**Your goal:**
Find all lines in the records that include the word "first", and copy them out.

**Recorded data:**

(* Let $A$ be a rational $m\times n$ matrix of full row rank with $m\geq 2$, and let $r=A_i$ be a row of $A$ all of whose entries lie in $\{0,1,-1\}$. Then $A$ is equimodular if and only if the trim $A/\!\!/(i,j)$ is equimodular for every $j\in\operatorname{supp}(r)$.
   Context: An $m\times n$ matrix is equimodular if it has full row rank $m$ and all its nonzero $m\times m$ minors have the same absolute value. $\operatorname{supp}(x)$ is the set of indices of nonzero coordinates of $x$. For a position $p=(i,j)$ with $A_i^j\neq0$, the pivot $A/p$ is obtained from $A$ by dividing row $i$ by $A_i^j$ and adding suitable multiples of this new row to the other rows so that column $j$ becomes the $i$-th unit vector; the trim $A/\!\!/p$ is obtained from $A/p$ by deleting row $i$ and column $j$. *)

From HB Require Import structures.
From mathcomp Require Import all_boot all_order all_algebra.
Set Implicit Arguments. Unset Strict Implicit. Unset Printing Implicit Defensive.
Import Order.TTheory GRing.Theory Num.Theory.
Local Open Scope ring_scope.

(* The m x m minor of A : 'M_(m,n) on the columns selected by f : 'I_m -> 'I_n.
   (Non-injective f give 0; up to sign, every m x m minor arises this way.) *)
Definition minor (F : comNzRingType) (m n : nat) (A : 'M[F]_(m, n))
  (f : 'I_m -> 'I_n) : F := \det (colsub f A).

Definition equimodular (m n : nat) (A : 'M[rat]_(m, n)) : Prop :=
  \rank A = m /\
  forall f g : 'I_m -> 'I_n, minor A f != 0 -> minor A g != 0 ->
    `|minor A f| = `|minor A g|.

Definition pivot (F : fieldType) (m n : nat) (A : 'M[F]_(m, n))
  (i : 'I_m) (j : 'I_n) : 'M[F]_(m, n) :=
  \matrix_(k, l) (if k == i then A i l / A i j
                  else A k l - A k j * (A i l / A i j)).

Definition trim (F : fieldType) (m n : nat) (A : 'M[F]_(m, n))
  (i : 'I_m) (j : 'I_n) : 'M[F]_(m.-1, n.-1) :=
  row' i (col' j (pivot A i j)).

From HB Require Import structures.
From mathcomp Require Import all_boot all_order all_algebra.
From mathcomp Require Import ring.
Import Order.TTheory GRing.Theory Num.Theory.

Set Implicit Arguments.
Unset Strict Implicit.
Unset Printing Implicit Defensive.
Local Open Scope ring_scope.

(* Pivoting on (i, j) is left multiplication by a matrix of determinant
   (A i j)^-1, so it scales all m x m minors alike.  Column j of the pivot is
   the unit vector e_i, so the minors of the pivot through column j are, up to
   sign, exactly the minors of the trim, and expanding any minor of the pivot
   along row i expresses it as a combination of trim minors with the entries
   of the pivot row as coefficients.  This gives the forward direction.
   Conversely, when the pivot row is integral and the nonzero trim minors
   share the absolute value c, every nonzero minor of the pivot is a nonzero
   integer multiple of c, and the minors through column j have absolute value
   exactly c.  Since every nonzero minor of A uses some column of supp(A_i),
   any two nonzero minors of A bound each other. *)

Definition equinorm_minors (R : numDomainType) (m n : nat) (A : 'M[R]_(m, n)) :=
  forall f g : 'I_m -> 'I_n, minor A f != 0 -> minor A g != 0 ->
    `|minor A f| = `|minor A g|.

Section Determinants.

Variable R : comNzRingType.

Lemma det_col0 p (M : 'M[R]_p) (c : 'I_p) : (forall l, M l c = 0) -> \det M = 0.
Proof. by move=> M0; rewrite (expand_det_col _ c) big1 // => l _; rewrite M0 mul0r. Qed.

Lemma det_unit_col p (M : 'M[R]_p) (r c : 'I_p) : (forall l, M l c = (l == r)%:R) ->
  \det M = (-1) ^+ (r + c) * \det (row' r (col' c M)).
Proof.
move=> Me; rewrite (expand_det_col _ c) (bigD1 r) //= big1 ?addr0.
  by rewrite Me eqxx mul1r.
by move=> l /negPf rl; rewrite Me rl mul0r.
Qed.

Lemma det_id_but_col p (M : 'M[R]_p) (c : 'I_p) :
  (forall k l, l != c -> M k l = (k == l)%:R) -> \det M = M c c.
Proof.
move=> Me; rewrite (expand_det_col _ c) (bigD1 c) //= big1 ?addr0 => [|k kc].
  rewrite /cofactor -signr_odd oddD addbb mul1r.
  suff -> : row' c (col' c M) = 1%:M by rewrite det1 mulr1.
  by apply/matrixP => a b; rewrite !mxE Me ?(inj_eq lift_inj) // eq_sym neq_lift.
case: (unliftP c k) => [b kb|kc']; last by rewrite kc' eqxx in kc.
rewrite /cofactor (@det_col0 _ _ b) ?mulr0 // => a.
rewrite !mxE Me; last by rewrite eq_sym neq_lift.
by rewrite -kb eq_sym (negPf (neq_lift _ _)).
Qed.

Lemma det_neq0_cofactor p (M : 'M[R]_p) (r : 'I_p) : \det M != 0 ->
  exists k, M r k * cofactor M r k != 0.
Proof.
rewrite (expand_det_row _ r) => nz0; apply/existsP; apply: contraNT nz0.
by move=> /existsPn all0; apply/eqP/big1 => k _; apply/eqP/negbNE/all0.
Qed.

End Determinants.

Lemma full_row_rank_minorP (F : fieldType) (m n : nat) (A : 'M[F]_(m, n)) :
  \rank A = m <-> exists f, minor A f != 0.
Proof.
split=> [rA | [f Af]].
  have fA : row_full A^T by rewrite /row_full mxrank_tr rA.
  exists (fullrankfun fA); have := fullrowsub_unit fA.
  by rewrite -[rowsub _ _]trmx_mxsub unitmxE det_tr unitfE.
apply/eqP; rewrite eqn_leq rank_leq_row /=.
have rf : \rank (colsub f A) = m by apply: mxrank_unit; rewrite unitmxE unitfE.
by rewrite -{1}rf -[A in colsub f A]mulmx1 -mulmx_colsub mxrankM_maxl.
Qed.

Section Pivot.

Variables (F : fieldType) (m n : nat) (A : 'M[F]_(m, n)) (i : 'I_m) (j : 'I_n).
Hypothesis Aij : A i j != 0.

Definition pivot_elim_mx : 'M[F]_m :=
  1%:M + \matrix_(k, l) ((l == i)%:R *
                         if k == i then (A i j)^-1 - 1 else - (A k j / A i j)).

Lemma pivot_mulmx : pivot A i j = pivot_elim_mx *m A.
Proof.
apply/matrixP => k c; rewrite mulmxDl mul1mx !mxE (bigD1 i) //= big1 => [|l /negPf li].
  by rewrite !mxE eqxx mul1r addr0; case: eqP => [->|_]; field.
by rewrite mxE li !mul0r.
Qed.

Lemma det_pivot_elim_mx : \det pivot_elim_mx = (A i j)^-1.
Proof.
rewrite (@det_id_but_col _ _ _ i) => [|k l /negPf li]; rewrite !mxE ?li ?mul0r ?addr0 //.
by rewrite !eqxx mul1r addrC subrK.
Qed.

Lemma minor_pivot f : minor (pivot A i j) f = (A i j)^-1 * minor A f.
Proof. by rewrite /minor pivot_mulmx -mulmx_colsub det_mulmx det_pivot_elim_mx. Qed.

Lemma pivot_unit_col k : pivot A i j k j = (k == i)%:R.
Proof. by rewrite mxE; case: eqP; rewrite divff // ?mulr1 subrr. Qed.

Lemma trim_minor_pivot g : exists f, minor (trim A i j) g = minor (pivot A i j) f.
Proof.
exists (fun k => if unlift i k is Some l then lift j (g l) else j).
rewrite /minor (@det_unit_col _ _ _ i i) => [|l]; last first.
  by rewrite mxE unlift_none pivot_unit_col.
rewrite -signr_odd oddD addbb mul1r; congr (\det _).
by apply/matrixP => a b; rewrite !mxE liftK.
Qed.

Lemma pivot_cofactor_trim f k :
  \det (row' i (col' k (colsub f (pivot A i j)))) != 0 ->
  exists g, \det (row' i (col' k (colsub f (pivot A i j)))) = minor (trim A i j) g.
Proof.
move=> nz; suff /fin_all_exists[g fg] : forall l, exists y, f (lift k l) = lift j y.
  by exists g; congr (\det _); apply/matrixP => a b; rewrite !mxE fg.
move=> l; case: (unliftP j (f (lift k l))) => [y ->|fj]; first by exists y.
case/eqP: nz; apply: (@det_col0 _ _ _ l) => a.
move: (pivot_unit_col (lift i a)); rewrite !mxE fj => ->.
by rewrite eq_sym (negPf (neq_lift _ _)).
Qed.

End Pivot.

Lemma rank_trim (F : fieldType) (m n : nat) (A : 'M[F]_(m, n)) i j :
  A i j != 0 -> \rank A = m -> \rank (trim A i j) = m.-1.
Proof.
move=> Aij /full_row_rank_minorP[f Af].
have Pf : minor (pivot A i j) f != 0 by rewrite minor_pivot // mulf_neq0 ?invr_eq0.
have [k] := det_neq0_cofactor i Pf; rewrite /cofactor !mulf_eq0 !negb_or => /and3P[_ _ nzD].
have [g Dg] := pivot_cofactor_trim Aij nzD.
by apply/full_row_rank_minorP; exists g; rewrite -Dg.
Qed.

Lemma pivot_minor_unit_col (F : fieldType) (m n : nat) (A : 'M[F]_(m, n)) i j f k :
  A i j != 0 -> f k = j -> minor (pivot A i j) f != 0 ->
  exists g, minor (pivot A i j) f = (-1) ^+ (i + k) * minor (trim A i j) g.
Proof.
move=> Aij fk Pf; have Pe := @det_unit_col _ _ (colsub f (pivot A i j)) i k.
rewrite /minor Pe => [|l]; last by rewrite mxE fk pivot_unit_col.
have [|g ->] := @pivot_cofactor_trim _ _ _ A i j Aij f k; last by exists g.
apply: contraNneq Pf => D0; rewrite /minor Pe ?D0 ?mulr0 // => l.
by rewrite mxE fk pivot_unit_col.
Qed.

Section Norms.

Variable R : numFieldType.

Lemma equinorm_pivot (m n : nat) (A : 'M[R]_(m, n)) i j : A i j != 0 ->
  equinorm_minors (pivot A i j) <-> equinorm_minors A.
Proof.
move=> Aij; have nzP f : (minor (pivot A i j) f != 0) = (minor A f != 0).
  by rewrite minor_pivot // mulf_eq0 invr_eq0 (negPf Aij).
have normP f : `|minor (pivot A i j) f| = `|A i j|^-1 * `|minor A f|.
  by rewrite minor_pivot // normrM normfV.
split=> eqM f g Af Ag.
  apply: (mulfI (_ : `|A i j|^-1 != 0)); first by rewrite invr_eq0 normr_eq0.
  by rewrite -!normP (eqM f g) ?nzP.
by rewrite !normP (eqM f g) -?nzP.
Qed.

Lemma equinorm_trim (m n : nat) (A : 'M[R]_(m, n)) i j : A i j != 0 ->
  equinorm_minors A -> equinorm_minors (trim A i j).
Proof.
move=> Aij /(equinorm_pivot Aij) eqPM g1 g2.
have [f1 ->] := trim_minor_pivot Aij g1; have [f2 ->] := trim_minor_pivot Aij g2.
exact: eqPM.
Qed.

End Norms.

Lemma divr_norm_int (R : archiRealFieldType) (x y : R) :
  `|x| = `|y| -> x / `|y| \is a Num.int.
Proof.
move=> <-; have [->|x0] := eqVneq x 0; first by rewrite mul0r rpred0.
rewrite {1}[x]numEsg mulfK ?normr_eq0 //.
by case: sgrP; rewrite ?rpred0 ?rpred1 ?rpredN1.
Qed.

Section IntegralPivotRow.

Variables (R : archiRealFieldType) (m n : nat) (A : 'M[R]_(m, n)) (i : 'I_m) (j : 'I_n).
Hypotheses (Aij : A i j != 0) (intP : forall l, A i l / A i j \is a Num.int).
Hypothesis eqT : equinorm_minors (trim A i j).

Lemma trim_minor_le_pivot_minor g f :
  minor (trim A i j) g != 0 -> minor (pivot A i j) f != 0 ->
  `|minor (trim A i j) g| <= `|minor (pivot A i j) f|.
Proof.
move=> Tg Pf; set c := `|minor (trim A i j) g|.
have c_gt0 : 0 < c by rewrite normr_gt0.
have Pf_int : minor (pivot A i j) f / c \is a Num.int.
  rewrite /minor (expand_det_row _ i) mulr_suml; apply: rpred_sum => k _.
  rewrite /cofactor !mxE eqxx -mulrA; apply: rpredM => //; rewrite -mulrA; apply: rpredM.
    by rewrite -signr_odd; case: odd; rewrite ?rpredN1 ?rpred1.
  set D := \det _; have [->|D0] := eqVneq D 0; first by rewrite mul0r rpred0.
  have [h Dh] := pivot_cofactor_trim Aij D0.
  by apply: divr_norm_int; rewrite /D Dh; apply: eqT; rewrite -?Dh.
have Pf_c : minor (pivot A i j) f / c != 0 by rewrite mulf_neq0 // invr_eq0 gt_eqF.
have := norm_intr_ge1 Pf_int Pf_c.
by rewrite normrM normfV (gtr0_norm c_gt0) ler_pdivlMr // mul1r.
Qed.

Lemma minor_norm_le_through_pivot_col f g k : f k = j ->
  minor A f != 0 -> minor A g != 0 -> `|minor A f| <= `|minor A g|.
Proof.
have nzP h : minor A h != 0 -> minor (pivot A i j) h != 0.
  by move=> Ah; rewrite minor_pivot // mulf_neq0 ?invr_eq0.
move=> fk /nzP Pf /nzP Pg; have [h Ph] := pivot_minor_unit_col Aij fk Pf.
have Th : minor (trim A i j) h != 0 by apply: contraNneq Pf; rewrite Ph => ->; rewrite mulr0.
have := trim_minor_le_pivot_minor Th Pg.
rewrite -[`|minor (trim A i j) h|]mul1r -(normr_sign _ (i + k)) -normrM -Ph.
by rewrite !minor_pivot // !normrM ler_pM2l // normr_gt0 invr_eq0.
Qed.

End IntegralPivotRow.

Lemma int_div_sign_entries (R : archiNumFieldType) (x y : R) :
  x \in [:: 0; 1; -1] -> y \in [:: 0; 1; -1] -> x / y \is a Num.int.
Proof.
rewrite !inE => /or3P[] /eqP-> /or3P[] /eqP->;
by rewrite ?(mul0r, invr0, mulr0, invr1, mulr1, invrN, mulrN, opprK, rpred0, rpred1, rpredN).
Qed.

Theorem mainTheorem3 (m n : nat) (A : 'M[rat]_(m, n)) (i : 'I_m) :
  (2 <= m)%N ->
  \rank A = m ->
  (forall l : 'I_n, A i l \in [:: 0; 1; -1]) ->
  equimodular A <-> (forall j : 'I_n, A i j != 0 -> equimodular (trim A i j)).
Proof.
move=> _ rA signA; split=> [[_ eqA] j Aj | eqT].
  by split; [exact: rank_trim | exact: equinorm_trim].
suff le f g : minor A f != 0 -> minor A g != 0 -> `|minor A f| <= `|minor A g|.
  by split=> // f g Af Ag; apply/eqP; rewrite eq_le !le.
move=> Af Ag; have [k] := det_neq0_cofactor i Af.
rewrite mxE mulf_eq0 negb_or => /andP[Aj _].
have [_ eqTj] := eqT _ Aj.
have intP l : A i l / A i (f k) \is a Num.int by apply: int_div_sign_entries.
by have := minor_norm_le_through_pivot_col Aj intP eqTj (erefl (f k)) Af Ag.
Qed.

**Expected answer:**
rewrite /minor (@det_unit_col _ _ _ i i) => [|l]; last first.
move=> l; case: (unliftP j (f (lift k l))) => [y ->|fj]; first by exists y.
  apply: (mulfI (_ : `|A i j|^-1 != 0)); first by rewrite invr_eq0 normr_eq0.
move=> <-; have [->|x0] := eqVneq x 0; first by rewrite mul0r rpred0.
  set D := \det _; have [->|D0] := eqVneq D 0; first by rewrite mul0r rpred0.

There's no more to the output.